Tuesday, March 25, 2014


Corner Hotel, 09/03/2014

“We noticed Yo La Tengo were doing two sets tonight, a quiet one and a louder one.” observes Dick Diver guitarist and singer Al Montfort. “We've stolen enough from them in the past so we thought we steal that idea too.”

In acoustic mode, the four-piece open with one of their earliest songs Walk For Room, the 12-string acoustic guitar and jar of pistachios as percussion lends their songs an even humbler sound. “I'm even more Tracey Chapman than Tracey Chapman!” laughs Steph Hughes, who, despite her fears, sounds like no one but Steph Hughes. Plugging in and switching instruments, the band move from such crackers as Water Damage, Lime Green Shirt, the prophetic Gap Life (‘Today Tonight will be gone tomorrow’) and New Start Again, before closing with Calendar Days. Responding to recent online labeling by describing their sound as “jobwave” or “zumba-wave”, whatever it is, it’s worth catching.

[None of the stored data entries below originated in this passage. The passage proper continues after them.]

(* Let $S$ be a nonempty subset of $\mathbb{Z}$ and $\mathcal{T}\subseteq\mathbb{N}$. Then for all integers $0\le\ell\le k<|S|$, the generalized binomial coefficient $\binom{k}{\ell}_{S,\mathcal{T}}:=\dfrac{k!_{S,\mathcal{T}}}{\ell!_{S,\mathcal{T}}\,(k-\ell)!_{S,\mathcal{T}}}$ is a positive integer.
   Context: $\mathbb{N}=\{0,1,2,\dots\}$. For an integer $b\ge0$ and $a\in\mathbb{Z}$ define $\operatorname{ord}_b(a):=\sup\{k\in\mathbb{N}: a\mathbb{Z}\subseteq b^k\mathbb{Z}\}$ (convention $0^0=1$); thus for $b\ge2$ it is the largest $k$ with $b^k\mid a$ ($+\infty$ for $a=0$), $\operatorname{ord}_0(a)=+\infty$ if $a=0$ and $0$ otherwise, and $\operatorname{ord}_1(a)=+\infty$. For nonempty $S\subseteq\mathbb{Z}$, a $b$-ordering of $S$ is a sequence $(a_i)_{i\ge0}$ in $S$ such that for each $i\ge1$, $a_i$ attains $\min_{a'\in S}\sum_{j=0}^{i-1}\operatorname{ord}_b(a'-a_j)$; the $b$-exponent sequence is $\alpha_k(S,b):=\sum_{j=0}^{k-1}\operatorname{ord}_b(a_k-a_j)$ for any $b$-ordering (independent of the choice). For $\mathcal{T}\subseteq\mathbb{N}$ the generalized factorial is $k!_{S,\mathcal{T}}:=\prod_{b\in\mathcal{T}}b^{\alpha_k(S,b)}$, with conventions $b^{+\infty}=0$ for $b=0$ and $b\ge2$, $1^{+\infty}=1$, and $b^0=1$ for all $b\in\mathbb{N}$. *)

From mathcomp Require Import all_boot all_order all_algebra.
From Stdlib Require Import ClassicalEpsilon.
Set Implicit Arguments. Unset Strict Implicit. Unset Printing Implicit Defensive.
Import Order.TTheory GRing.Theory Num.Theory.

(* Extended naturals N ∪ {+oo}: [Some n] = n, [None] = +oo. *)
Definition enat := option nat.

Definition eadd (x y : enat) : enat :=
  match x, y with Some m, Some n => Some (m + n)%N | _, _ => None end.

Definition ele (x y : enat) : Prop :=
  match x, y with
  | _, None => True
  | None, Some _ => False
  | Some m, Some n => (m <= n)%N
  end.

Opening with Ohm, the first of many songs from last year's career high point, Fade, Yo La Tengo ease comfortably into a rhythmic and spacious set. Acoustic guitar, brushed drums and throbbing bass underpin their sparse, floating melodies. From Black to Blur and Is That Enough follow and the propulsive rhythms cast their spell. Locking in and zoning out, Yo La Tengo’s songs occupy strange real estate. Sublime and bewitching takes on Fog Over Frisco, Cornelia and Jane, and Tom Courtney they seem to enter the brain by a sixth sense. With a near total lack of dynamic shifts, songs drift past with distant lyrics and stumbling lead guitar parts, odd for a band celebrating their 30th year in the game.

Most of Fade that wasn’t reinterpreted in the first set is thoroughly ripped apart in the second. The odd magic continues with opener Stupid Things. A gorgeous version of Autumn Sweater and hypnotic take on Ohm aside, this set comprises ‘songs’ that are merely suggestions for the opening minute or two before they’re reduced to a metronomic beat, three bass notes and guitarist (and cross between Ben Lee and Geoffrey Rush) Ira Kaplan’s effects-heavy free-forming. In the hands of a more sensitive (Neil Young), smarter (Robert Fripp) or bolder (Tom Verlaine) guitarist, substituting in-album subtlety for extended jams can be mesmerizing. Kaplan’s lack of imagination ages fast.

Decora, Before We Run, and new single Super Kiwi are all deconstructed in this ultimately disappointing way that only highlights the importance of production and editing in their recordings. Instrumental parts, vocal melodies, and lyrics – the pieces are wonderful, that they are sacrificed over and over for Kaplan’s aimless rambling is frustrating. Closing with a mammoth take of I Heard You Looking, its phenomenally evocative riff highlights the strongest and laziest traits of this most obdurate of bands.